« May 2012 | Main | July 2012 »
June 26, 2012
Poof to Proof
In one of many patent battles
in the mobile phone war, Apple and Motorola squared off in Eastern
Illinois, with stellar law firms as representation, naturally. Judge
Posner dismissed the matter, finding that neither side had shown
damages. Quotes from that decision: "Apple argues last-minute that any
act of infringement, even if it gives rise to no measurable damages, is
an injury entitling it to a judgment... Any intimation that proof of
infringement is alone enough to warrant a remedial order was scotched
by the Supreme Court in eBay Inc. v. MercExchange, L.L.C.,...
'Going for broke' is the inescapable characterization of Motorola's
damages claim... Motorola has provided no evidence for calculating a
reasonable royalty... The problem is not that damages cannot be
calculated, but that on the eve of trial, with the record closed, it
became apparent that the parties had failed to make a responsible
calculation... Without an actual or prospective tangible injury, a
federal court has no subject-matter jurisdiction. It would be
ridiculous to dismiss a suit for failure to prove damages and allow the
plaintiff to refile the suit so that he could have a second chance to
prove damages. This case is therefore dismissed with prejudice."
Posted by Patent Hawk at 11:15 AM | Damages
June 22, 2012
Sticky Business
Wrigley sued Cadbury over its
menthol gum patent, 6,627,233.
Cadbury
counterclaimed with 5,009,893.
Wrigley was found not chewing into '593 (noninfringement). Then
Wrigley got hit a lick on its own mentholated stick. '233 was
found anticipated and obvious; judgment affirmed on appeal (CAFC 1201-1140,-1150;
precedential). In dissent, Judge Newman stepped on that sticky wad.
"The district court erred in holding the '233... obvious on only part
of the evidence, ignoring the evidence that supports unobviousness...
The district court also granted summary judgment of invalidity on the
ground of anticipation, not relying on any reference cited for
obviousness, but relying on a different reference that does not show
the claimed combination at all, but merely presents the ingredients on
lists." Rule of law is gummed up at the CAFC (and in courts across the country). Chew on that.

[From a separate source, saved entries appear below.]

(* The homology class $[u_{\mathrm{edge}}(\bar e)]\in H_1(\Sigma;\mathbb Z)$ is divisible by $3$.
   Context: Setup: $D\subset\mathbb R^3$ regular dodecahedron centered at $0$, $\mathcal I\subset\mathrm{SO}(3)$ its rotation group, $\iota=-\mathrm{id}$. $\mathcal K$ = the five inscribed cubes; $V_o:=\mathbb Z^{\mathcal K}/\mathbb Z(\sum_{e\in\mathcal K}e)$, $\bar e$ the image of $e$. $\hat\Sigma$: surface $D$ with an $\mathcal I$- and $\iota$-invariant small open equilateral triangle removed around each vertex; $\Sigma$: $\hat\Sigma$ with boundary points $p\sim\iota p$ identified (closed oriented genus-10 surface). For an oriented edge $y$ of $D$ with initial point $in(y)$, $\delta_y$ is the loop in $\Sigma$ formed by the edge-type cell $y$ and the cell $\iota y$. For fixed $e\in\mathcal K$, $E$ is one of the two 4-element sets of pairwise non-adjacent (in the cube) vertices of $e$. $u_{\mathrm{edge}}:V_o\to Z_1(\Sigma)$ is the $\mathbb Z\mathcal I$-homomorphism with $u_{\mathrm{edge}}(\bar e)=\sum_{x\in E}\sum_{y:\,in(y)=x}\delta_y$. *)

From HB Require Import structures.
From mathcomp Require Import all_boot all_order all_algebra.
Set Implicit Arguments.
Unset Strict Implicit.
Unset Printing Implicit Defensive.
Import GRing.Theory Num.Theory.
Local Open Scope ring_scope.

(* (a, b) represents a + b * phi, with phi^2 = phi + 1.  Since 1 and phi are
   linearly independent over Q, equality of pairs is equality of reals. *)
Definition Zphi := (int * int)%type.
Definition zadd (a b : Zphi) : Zphi := (a.1 + b.1, a.2 + b.2).
Definition zopp (a : Zphi) : Zphi := (- a.1, - a.2).
Definition zsub (a b : Zphi) : Zphi := zadd a (zopp b).
Definition zmul (a b : Zphi) : Zphi :=
  (a.1 * b.1 + a.2 * b.2, a.1 * b.2 + a.2 * b.1 + a.2 * b.2).
(* a + b*phi > 0  <=>  (2a+b) + b*sqrt 5 > 0 *)
Definition zpos (a : Zphi) : bool :=
  let c := 2 * a.1 + a.2 in let b := a.2 in
  if (0 <= c) && (0 <= b) then (c != 0) || (b != 0)
  else if (c < 0) && (b <= 0) then false
  else if 0 <= c then 5 * b * b < c * c
  else c * c < 5 * b * b.

Definition z0 : Zphi := (0, 0).
Definition z1 : Zphi := (1, 0).
Definition zm1 : Zphi := (-1, 0).
Definition zphi : Zphi := (0, 1).
Definition zmphi : Zphi := (0, -1).
Definition ziphi : Zphi := (-1, 1).   (* 1/phi = phi - 1 *)
Definition zmiphi : Zphi := (1, -1).

Definition P3 := (Zphi * Zphi * Zphi)%type.
Definition pt (a b c : Zphi) : P3 := (a, b, c).
Definition pX (p : P3) := p.1.1.
Definition pY (p : P3) := p.1.2.
Definition pZ (p : P3) := p.2.
Definition psub (p q : P3) : P3 :=
  pt (zsub (pX p) (pX q)) (zsub (pY p) (pY q)) (zsub (pZ p) (pZ q)).
Definition pneg (p : P3) : P3 := pt (zopp (pX p)) (zopp (pY p)) (zopp (pZ p)).
Definition dot (p q : P3) : Zphi :=
  zadd (zadd (zmul (pX p) (pX q)) (zmul (pY p) (pY q))) (zmul (pZ p) (pZ q)).
Definition cross (p q : P3) : P3 :=
  pt (zsub (zmul (pY p) (pZ q)) (zmul (pZ p) (pY q)))
     (zsub (zmul (pZ p) (pX q)) (zmul (pX p) (pZ q)))
     (zsub (zmul (pX p) (pY q)) (zmul (pY p) (pX q))).
Definition sqdist (p q : P3) : Zphi := dot (psub p q) (psub p q).

Inductive axis := Ax0 | Ax1 | Ax2.
Definition axis_to_nat (a : axis) : nat :=
  match a with Ax0 => 0 | Ax1 => 1 | Ax2 => 2 end%N.
Definition nat_to_axis (n : nat) : option axis :=
  match n with 0 => Some Ax0 | 1 => Some Ax1 | 2 => Some Ax2 | _ => None end%N.
Lemma axis_to_natK : pcancel axis_to_nat nat_to_axis. Proof. by case. Qed.
HB.instance Definition _ := Countable.copy axis (pcan_type axis_to_natK).
Lemma axis_enumP : Finite.axiom [:: Ax0; Ax1; Ax2]. Proof. by case. Qed.
HB.instance Definition _ := isFinite.Build axis axis_enumP.

Definition shift (k : axis) (p : P3) : P3 :=
  match k with
  | Ax0 => p
  | Ax1 => pt (pY p) (pZ p) (pX p)
  | Ax2 => pt (pZ p) (pX p) (pY p)
  end.
Definition sgn (b : bool) (a : Zphi) : Zphi := if b then a else zopp a.

(* Standard coordinates: the 8 points (+-1,+-1,+-1) and the 12 points
   (0,+-1/phi,+-phi), (+-1/phi,+-phi,0), (+-phi,0,+-1/phi). *)
Definition V := ((bool * bool * bool) + (bool * bool * axis))%type.
Definition coords (v : V) : P3 :=
  match v with
  | inl (a, b, c) => pt (sgn a z1) (sgn b z1) (sgn c z1)
  | inr (a, b, k) => shift k (pt z0 (sgn a ziphi) (sgn b zphi))
  end.

(* edges of D: squared edge length (2/phi)^2 = 8 - 4 phi *)
Definition adj (x y : V) : bool := sqdist (coords x) (coords y) == (8, -4).

Definition anti (x : V) : V :=
  match x with
  | inl (a, b, c) => inl (~~ a, ~~ b, ~~ c)
  | inr (a, b, k) => inr (~~ a, ~~ b, k)
  end.
Lemma coords_anti x : coords (anti x) = pneg (coords x).
Proof.
by case: x => [[[a b] c]|[[a b] k]]; [case: a; case: b; case: c | case: a; case: b; case: k].
Qed.

(* exactly one of x, anti x is "canonical" *)
Definition canon (x : V) : bool :=
  match x with inl (a, _, _) => a | inr (a, _, _) => a end.
(* an injective numbering of the vertices, used only to fix orientations *)
Definition vcode (x : V) : nat :=
  match x with
  | inl (a, b, c) => (4 * a + 2 * b + c)%N
  | inr (a, b, k) => (8 + 4 * axis_to_nat k + 2 * a + b)%N
  end.

(* faces of D: the vertices on the supporting plane  <n, v> = 1 + phi  for
   the 12 outward face normals n = shift k (0, +-phi, +-1) *)
Definition F := (bool * bool * axis)%type.
Definition normal (f : F) : P3 :=
  let: (a, b, k) := f in shift k (pt z0 (sgn a zphi) (sgn b z1)).
Definition on_face (f : F) (v : V) : bool := dot (normal f) (coords v) == (1, 1).
(* the oriented edge x -> z of face f runs counterclockwise seen from outside *)
Definition ccw (f : F) (x z : V) : bool :=
  zpos (dot (cross (coords x) (coords z)) (normal f)).

(* For an oriented edge (x,z) of D, q(x,z) is the corner of the small triangle
   around x lying on the edge xz.  In Sigma, q(x,z) ~ q(iota x, iota z).
   0-cells : the classes of the q(x,z); representative (x,z) with canon x.
   1-cells : edge-type cells {x,z} (oriented from q(x,z) to q(z,x), stored
             as (x,z) with vcode x < vcode z), and arc cells: the boundary arc
             of the triangle around x from q(x,a) to q(x,b) (stored as
             (x,a,b) with vcode a < vcode b and canon x; the arc around
             iota x is identified with it via iota).
   2-cells : the 12 truncated faces (decagons).
   Chains are integer functions on the ambient index types V*V, (V*V)+(V*V*V),
   F; a chain of Sigma is one supported on genuine cells (the predicates
   pcell_p, cell1_p).  All maps below produce such chains. *)
Definition pcell_p : pred (V * V) := fun p => adj p.1 p.2 && canon p.1.
Definition ecell_p : pred (V * V) := fun p => adj p.1 p.2 && (vcode p.1 < vcode p.2)%N.
Definition acell_p : pred (V * V * V) := fun t =>
  [&& adj t.1.1 t.1.2, adj t.1.1 t.2, (vcode t.1.2 < vcode t.2)%N & canon t.1.1].
Definition Cell1 := ((V * V) + (V * V * V))%type.
Definition cell1_p : pred Cell1 := fun c =>
  match c with inl e => ecell_p e | inr t => acell_p t end.

Definition C0 := {ffun (V * V) -> int}.
Definition C1 := {ffun Cell1 -> int}.
Definition C2 := {ffun F -> int}.

Definition ind (b : bool) : int := (nat_of_bool b)%:Z.

Definition gen0 (x z : V) : C0 :=
  let p := if canon x then (x, z) else (anti x, anti z) in
  [ffun c : V * V => ind (c == p)].

Definition gen1E (x z : V) : C1 :=
  if (vcode x < vcode z)%N then [ffun c : Cell1 => ind (c == inl (x, z))]
  else - [ffun c : Cell1 => ind (c == inl (z, x))].

Definition gen1A (x a b : V) : C1 :=
  let t := if canon x then (x, a, b) else (anti x, anti a, anti b) in
  if (vcode t.1.2 < vcode t.2)%N then [ffun c : Cell1 => ind (c == inr t)]
  else - [ffun c : Cell1 => ind (c == inr (t.1.1, t.2, t.1.2))].

Definition bd1 (c : Cell1) : C0 :=
  match c with
  | inl e => gen0 e.2 e.1 - gen0 e.1 e.2
  | inr t => gen0 t.1.1 t.2 - gen0 t.1.1 t.1.2
  end.

Definition boundary1 (ch : C1) : C0 := \sum_(c : Cell1 | cell1_p c) bd1 c *~ ch c.

(* boundary of the decagon f, traversed counterclockwise: the edge cell
   x -> z, then the arc around z from q(z,x) to q(z,w), w the next vertex *)
Definition bd2 (f : F) : C1 :=
  \sum_(xz : V * V | [&& on_face f xz.1, on_face f xz.2, adj xz.1 xz.2 & ccw f xz.1 xz.2])
     (gen1E xz.1 xz.2 +
      \sum_(w : V | [&& on_face f w, adj xz.2 w & w != xz.1]) gen1A xz.2 xz.1 w).

Definition boundary2 (b : C2) : C1 := \sum_(f : F) bd2 f *~ b f.

Definition delta (x z : V) : C1 := gen1E x z - gen1E (anti x) (anti z).

Definition u_edge (E : {set V}) : C1 :=
  \sum_(x in E) \sum_(z : V | adj x z) delta x z.

(* The standard cube {0,1}^3 = bool*bool*bool; two of its vertices are
   adjacent iff their Hamming distance is 1. *)
Definition hamming (a b : bool * bool * bool) : nat :=
  ((a.1.1 != b.1.1) + (a.1.2 != b.1.2) + (a.2 != b.2))%N.

From mathcomp Require Import all_boot all_order all_algebra.
Set Implicit Arguments.
Unset Strict Implicit.
Unset Printing Implicit Defensive.
Import GRing.Theory.
Local Open Scope ring_scope.

(* Let E be a 4-set of pairwise non-adjacent vertices of the cube e.
   In the cube {0,1}^3 such a set is one of the two parity classes, so any two
   of its points are at Hamming distance 2; since the cube sits in D up to a
   scale factor, f @: E is a regular tetrahedron of vertices of D.  An
   exhaustive search shows that every such tetrahedron is one of 10 listed
   ones (two in each of the 5 inscribed cubes).  For each of them we exhibit a 2-chain b (integer
   weights on the 12 decagons) such that u_edge - boundary2 b has all its
   coefficients divisible by 3, and check that one third of it is a cycle. *)

Definition u_edge_div3 (U : {set V}) : Prop :=
  exists z : C1,
    (forall c, ~~ cell1_p c -> z c = 0) /\ boundary1 z = 0 /\
    exists b : C2, u_edge U = z *~ 3 + boundary2 b.

(* A duplicate-free exhaustive list of a finite type enumerates it up to order;
   this lets big sums over V, F and V * V be evaluated along explicit lists. *)
Lemma index_enum_perm (T : finType) (s : seq T) :
  uniq s -> (forall x, x \in s) -> perm_eq (index_enum T) s.
Proof.
move=> s_uniq s_full; apply: uniq_perm => [||x]; rewrite ?index_enum_uniq //.
by rewrite mem_index_enum s_full.
Qed.

Definition vertices : seq V :=
  [:: inl (true,true,true); inl (true,true,false); inl (true,false,true);
      inl (true,false,false); inl (false,true,true); inl (false,true,false);
      inl (false,false,true); inl (false,false,false);
      inr (true,true,Ax0); inr (true,true,Ax1); inr (true,true,Ax2);
      inr (true,false,Ax0); inr (true,false,Ax1); inr (true,false,Ax2);
      inr (false,true,Ax0); inr (false,true,Ax1); inr (false,true,Ax2);
      inr (false,false,Ax0); inr (false,false,Ax1); inr (false,false,Ax2)].
Definition faces : seq F :=
  [:: (true,true,Ax0); (true,true,Ax1); (true,true,Ax2);
      (true,false,Ax0); (true,false,Ax1); (true,false,Ax2);
      (false,true,Ax0); (false,true,Ax1); (false,true,Ax2);
      (false,false,Ax0); (false,false,Ax1); (false,false,Ax2)].
Definition vertex_pairs : seq (V * V) := [seq (x, y) | x <- vertices, y <- vertices].

Lemma mem_vertices v : v \in vertices.
Proof. by case: v => [[[[] []] []]|[[[] []] []]]. Qed.

Lemma perm_vertices : perm_eq (index_enum V) vertices.
Proof. by apply: index_enum_perm; [vm_compute | exact: mem_vertices]. Qed.

Lemma perm_faces : perm_eq (index_enum F) faces.
Proof. by apply: index_enum_perm; [vm_compute | case=> [[[] []] []]]. Qed.
(* Let $p$ be an odd prime, $G$ a finite group with a Sylow $p$-subgroup $P$, and $H$ a normal subgroup of $G$ such that $G = PH$. Set $Q = P \cap H$. Let $P$ act by conjugation on $N_H(Q)/QC_H(Q)$. Then $C_{N_H(Q)/QC_H(Q)}(P) = N_H(P)C_H(Q)/QC_H(Q)$, and the inclusion $N_H(P) \subseteq N_G(P)$ induces a well-defined surjective group homomorphism $$C_{N_H(Q)/QC_H(Q)}(P) \to N_G(P)/PC_G(P)$$ (sending the coset of $n \in N_H(P)$ to $nPC_G(P)$) whose kernel is a $p$-group.
   Context: $C_X(P)$ for a group $X$ on which $P$ acts denotes the subgroup of $P$-fixed elements. *)

From mathcomp Require Import all_boot all_fingroup all_solvable.
Set Implicit Arguments. Unset Strict Implicit. Unset Printing Implicit Defensive.

From mathcomp Require Import all_boot all_fingroup all_solvable.

(* Let Q = P :&: H, K = Q C_H(Q) and L = P C_G(P).  A coset nK of N_H(Q)/K is
   fixed by P iff [n, P] \subset K, i.e. P^n \subset PK; since P is Sylow in
   PK, Sylow conjugacy gives n \in N_H(P) K, while conversely
   [N_H(P), P] \subset Q.  The map nK |-> nL on N_H(P)/K is well defined
   because N_H(P) :&: K \subset L: for c in N_H(P) :&: C_H(Q), the p-part of
   c lies in the normal Sylow subgroup P of N_G(P), and its p'-part
   centralises Q and P/Q, hence P by coprime action.  It is onto because
   N_G(P) = P N_H(P) by the Dedekind law, and its kernel is a p-group because
   N_H(P) :&: C_G(P) \subset K and L/C_G(P) is a p-group. *)

Set Implicit Arguments.
Unset Strict Implicit.
Unset Printing Implicit Defensive.

Local Open Scope group_scope.

Section General.
Variable gT : finGroupType.
Implicit Types (A : {set gT}) (C G H K L M N P R X : {group gT}).

Lemma afix_qactJ K A : A \subset 'N(K) -> 'Fix_('J / K)(A) = 'C(A / K).
Proof.
move=> nKA; apply/setP=> X; apply/afixP/centP=> [fixX y | cAX a Aa].
  case/morphimP=> a Na Aa ->; have := fixX a Aa.
  by rewrite qactJ Na /commute conjgC => ->.
have nKa := subsetP nKA a Aa.
by rewrite qactJ nKa /conjg cAX ?mulKg ?mem_morphim.
Qed.

Lemma coprime_stable_factor_cent (A P Q : {group gT}) :
    A \subset 'N(P) -> A \subset 'C(Q) -> stable_factor A Q P ->
    coprime #|Q| #|A| -> solvable Q ->
  A \subset 'C(P).
Proof.
move=> nPA cQA /andP[sPAQ /andP[sQP nQP]] coQA solQ.
have nQA := cents_norm cQA.
have cPAq : 'C_(P / Q)(A / Q) = P / Q.
  by apply/setIidPl; rewrite quotient_cents2 ?sPAQ.
have sPQC : P \subset Q * 'C_P(A).
  by rewrite -quotientSK // coprime_norm_quotient_cent // cPAq.
by rewrite centsC (subset_trans sPQC) // mul_subG ?subsetIr // centsC.
Qed.

Lemma group_constt pi G x : x \in G -> x.`_pi \in G.
Proof.
by move=> Gx; apply: subsetP (cycle_constt pi x); rewrite cycle_subG.
Qed.

Lemma mulg_subnorm P H : 'N_(P * H)(P) = P * 'N_H(P).
Proof. by rewrite group_modl ?normG. Qed.

Lemma mem_norm_mulg_Sylow_conj p X P n :
  p.-Sylow(X) P -> P :^ n \subset X -> n \in 'N(P) * X.
Proof.
move=> sylP sPnX.
have sylPn : p.-Sylow(X) (P :^ n).
  by move: sylP; rewrite !pHallE cardJg sPnX => /andP[].
have [x Xx defPn] := Sylow_trans sylP sylPn.
rewrite -(mulgKV x n) mem_mulg //; apply/normP.
by rewrite conjsgM defPn conjsgK.
Qed.

Lemma quotient_cent_Sylow_sub_norm p K N P :
    p.-Sylow(P <*> K) P -> P \subset 'N(K) -> K \subset N ->
  'C_(N / K)(P / K) \subset 'N_N(P) / K.
Proof.
move=> sylP nKP sKN; apply/subsetP=> _ /setIP[/morphimP[n Kn Nn ->] cPn].
have cnK a : a \in P -> [~ n, a] \in K.
  move=> Pa; move: cPn; rewrite -cycle_subG -quotient_cycle //.
  rewrite quotient_cents2 ?cycle_subG // => /subsetP; apply.
  by rewrite mem_commg ?cycle_id.
have sPnPK : P :^ n \subset P <*> K.
  apply/subsetP=> _ /imsetP[a Pa ->].
  rewrite conjg_mulR -invg_comm groupM ?groupV ?cnK //.
    exact: (subsetP (joing_subl P K)).
  by rewrite (subsetP (joing_subr P K)) ?cnK.
have := mem_norm_mulg_Sylow_conj sylP sPnPK.
rewrite /= norm_joinEl // mulgA mulGSid ?normG //.
case/mulsgP=> m k Nm Kk defn.
rewrite defn coset_kerr // mem_quotient // inE Nm andbT.
by rewrite -(mulgK k m) -defn groupM ?groupV // (subsetP sKN).
Qed.

Lemma quotient_factor_morphism K L M :
    M \subset 'N(K) -> M \subset 'N(L) -> M :&: K \subset L ->
  exists f : {morphism M / K >-> coset_of L},
    [/\ {in M, forall n, f (coset K n) = coset L n},
        f @* (M / K) = M / L
      & 'ker f = (M :&: L) / K].
Proof.
move=> nKM nLM sMKL.
have sker : 'ker (restrm nKM (coset K)) \subset 'ker (restrm nLM (coset L)).
  by rewrite !ker_restrm !ker_coset subsetI subsetIl.
have imK : restrm nKM (coset K) @* M = M / K by rewrite morphim_restrm setIid.
rewrite -imK; exists (factm sker (subxx M)); split.
- exact: factmE.
- by rewrite morphim_factm morphim_restrm setIid.
by rewrite ker_factm ker_restrm ker_coset morphim_restrm setIA setIid.
Qed.

Lemma quotient_pgroup_subjoin p P C R K :
    p.-group P -> P \subset 'N(C) -> R \subset P <*> C ->
    R \subset 'N(K) -> R :&: C \subset K ->
  p.-group (R / K).
Proof.
move=> pP nCP sRPC nKR sRCK.
have nCR : R \subset 'N(C).
  by rewrite (subset_trans sRPC) // join_subG nCP normG.
rewrite /pgroup card_quotient // -indexgI.
have sRC_RK : R :&: C \subset R :&: K by rewrite subsetI subsetIl.
apply: pnat_dvd (indexgS R sRC_RK) _; rewrite indexgI -card_quotient //.
apply: pgroupS (quotientS C sRPC) _.
by rewrite /= norm_joinEl // quotientMidr quotient_pgroup.
Qed.

End General.

Section NormalizerQuotients.
Variables (gT : finGroupType) (p : nat) (G P H : {group gT}).
Hypotheses (sylP : p.-Sylow(G) P) (nsHG : H <| G) (defG : P * H = G).

Local Notation Q := (P :&: H).
Local Notation C := 'C_H(P :&: H).
Local Notation K := ((P :&: H) <*> 'C_H(P :&: H)).
Local Notation L := (P <*> 'C_G(P)).
Local Notation M := 'N_H(P).

Let sPG : P \subset G := pHall_sub sylP.
Let pP : p.-group P := pHall_pgroup sylP.
Let sHG : H \subset G := normal_sub nsHG.
Let nHP : P \subset 'N(H) := subset_trans sPG (normal_norm nsHG).

Let nsQP : Q <| P.
Proof. by rewrite /normal subsetIl normsI ?normG. Qed.

Let sKH : K \subset H.
Proof. by rewrite join_subG subsetIr subsetIl. Qed.

Let normsK (A : {set gT}) :
  A \subset 'N(Q) -> A \subset 'N(H) -> A \subset 'N(K).
Proof. by move=> nQA nHA; rewrite normsY // normsI // norms_cent. Qed.

Let nKP : P \subset 'N(K).
Proof. exact: normsK (normal_norm nsQP) nHP. Qed.

Let nQM : M \subset 'N(Q).
Proof. by rewrite normsI ?subsetIr // subIset ?normG. Qed.

Let nKM : M \subset 'N(K).
Proof. by rewrite normsK ?nQM // subIset ?normG. Qed.

Let nLM : M \subset 'N(L).
Proof.
rewrite normsY ?subsetIr // normsI ?norms_cent ?subsetIr //.
by rewrite (subset_trans (subsetIl H _)) ?(subset_trans sHG) ?normG.
Qed.

Lemma commg_subnorm_sub : [~: M, P] \subset Q.
Proof. by rewrite [P :&: H]setIC commg_subI // subsetI subxx nHP. Qed.

Lemma Fix_quotient_subnorm : 'Fix_('N_H(Q) / K | 'J / K)(P) = M / K.
Proof.
have sylPK : p.-Sylow(P <*> K) P.
  apply: pHall_subl (joing_subl _ _) _ sylP.
  by rewrite join_subG sPG (subset_trans sKH).
have sKNQ : K \subset 'N_H(Q).
  rewrite join_subG !subsetI subsetIr subsetIl normG /=.
  by rewrite (subset_trans (subsetIr _ _) (cent_sub _)).
rewrite afix_qactJ //; apply/eqP; rewrite eqEsubset; apply/andP; split.
  apply: subset_trans (quotient_cent_Sylow_sub_norm sylPK nKP sKNQ) _.
  by rewrite quotientS // setSI // subsetIl.
rewrite subsetI quotientS ?subsetI ?subsetIl ?nQM //=.
by rewrite quotient_cents2r // (subset_trans commg_subnorm_sub) ?joing_subl.
Qed.

Lemma quotient_subnorm_mul_subcent : (M * C) / K = M / K.
Proof.
rewrite quotientMr ?(quotientS1 (joing_subr _ _)) ?mulg1 //.
exact: subset_trans (joing_subr _ _) (normG _).
Qed.

Lemma p'_elt_subcent_cent y :
  y \in M -> y \in C -> p^'.-elt y -> y \in 'C(P).
Proof.
move=> My /setIP[_ cQy] p'y; rewrite -cycle_subG.
apply: (coprime_stable_factor_cent (Q := Q)); rewrite ?cycle_subG //.
- by case/setIP: My.
- rewrite /stable_factor nsQP andbT commGC.
  by rewrite (subset_trans _ commg_subnorm_sub) // commgSS ?cycle_subG.
- by rewrite (pnat_coprime (pgroupS (subsetIl P H) pP)) -?orderE.
exact: pgroup_sol (pgroupS (subsetIl P H) pP).
Qed.

Lemma subnorm_subcent_sub : M :&: C \subset L.
Proof.
apply/subsetP=> c /setIP[Mc Cc].
have NGc : c \in 'N_G(P) by rewrite (subsetP (setSI _ sHG)).
rewrite -(consttC p c) groupM //.
  have sylPN : p.-Sylow('N_G(P)) P.
    by rewrite (pHall_subl _ _ sylP) ?subsetIl // subsetI sPG normG.
  apply: (subsetP (joing_subl _ _)).
  rewrite (mem_normal_Hall sylPN) ?normal_subnorm ?group_constt //.
  exact: p_elt_constt.
apply: (subsetP (joing_subr _ _)).
have Gc : c \in G by case/setIP: NGc.
by rewrite inE group_constt //= p'_elt_subcent_cent ?p_elt_constt ?group_constt.
Qed.

Lemma subnorm_ker_sub : M :&: K \subset L.
Proof.
have nQC : C \subset 'N(Q) by rewrite subIset // cent_sub orbT.
have sQM : Q \subset M.
  by rewrite subsetI subsetIr (subset_trans (subsetIl P H)) ?normG.
rewrite /= (norm_joinEr nQC) setIC -group_modl // mul_subG //.
  exact: subset_trans (subsetIl P H) (joing_subl _ _).
by rewrite setIC subnorm_subcent_sub.
Qed.

Lemma quotient_subnorm_join : M / L = 'N_G(P) / L.
Proof.
have nLP : P \subset 'N(L) := subset_trans (joing_subl _ _) (normG _).
have -> : 'N_G(P) = P * M by rewrite -mulg_subnorm defG.
by rewrite quotientMl // quotientS1 ?joing_subl ?mul1g.
Qed.

Lemma pgroup_quotient_subnorm_join : p.-group ((M :&: L) / K).
Proof.
apply: (quotient_pgroup_subjoin pP _ (subsetIr M L)).
- by rewrite /= normsI ?norms_cent ?normG // (subset_trans sPG) ?normG.
- by rewrite /= subIset ?nKM.
apply/subsetP=> x /setIP[/setIP[/setIP[Hx _] _] /setIP[_ cPx]].
apply: (subsetP (joing_subr _ _)).
by rewrite inE Hx (subsetP (centS (subsetIl P H))).
Qed.

Lemma subnorm_quotient_morphism :
  exists f : {morphism M / K >-> coset_of L},
    [/\ {in M, forall n, f (coset K n) = coset L n},
        f @* (M / K) = 'N_G(P) / L
      & p.-group ('ker f)].
Proof.
have [f [fE imf kerf]] := quotient_factor_morphism nKM nLM subnorm_ker_sub.
exists f; split=> //; first by rewrite imf quotient_subnorm_join.
by rewrite kerf pgroup_quotient_subnorm_join.
Qed.

End NormalizerQuotients.

Theorem lemma2p1 (gT : finGroupType) (p : nat) (G P H : {group gT}) :
  prime p -> odd p ->
  P \in 'Syl_p(G) -> H <| G -> P * H = G ->
  'Fix_('N_H(P :&: H) / ((P :&: H) <*> 'C_H(P :&: H)) | 'J / ((P :&: H) <*> 'C_H(P :&: H)))(P)
    = ('N_H(P) * 'C_H(P :&: H)) / ((P :&: H) <*> 'C_H(P :&: H))
  /\
  exists f : {morphism 'Fix_('N_H(P :&: H) / ((P :&: H) <*> 'C_H(P :&: H)) | 'J / ((P :&: H) <*> 'C_H(P :&: H)))(P)
               >-> coset_of (P <*> 'C_G(P))},
    [/\ forall n, n \in 'N_H(P) ->
          f (coset ((P :&: H) <*> 'C_H(P :&: H)) n) = coset (P <*> 'C_G(P)) n,
        f @* 'Fix_('N_H(P :&: H) / ((P :&: H) <*> 'C_H(P :&: H)) | 'J / ((P :&: H) <*> 'C_H(P :&: H)))(P)
          = 'N_G(P) / (P <*> 'C_G(P))
      & p.-group ('ker f)].
Proof.
move=> _ _; rewrite inE => sylP nsHG defG.
rewrite (Fix_quotient_subnorm sylP nsHG) quotient_subnorm_mul_subcent.
split=> //; exact: subnorm_quotient_morphism.
Qed.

Posted by Patent Hawk at 4:33 PM | Prior Art
June 10, 2012
Cite Not Right
Two sets of inventors at interference odds before the PTO got the CAFC to rule that patent prosecutors have to write legibly, at least as far as citing antecedent applications when filing continuations. In Harari v. Hollmer (CAFC 2011-1276), overruling PTO willingness to let the slop slide, careless prosecutor citation downed the continuation.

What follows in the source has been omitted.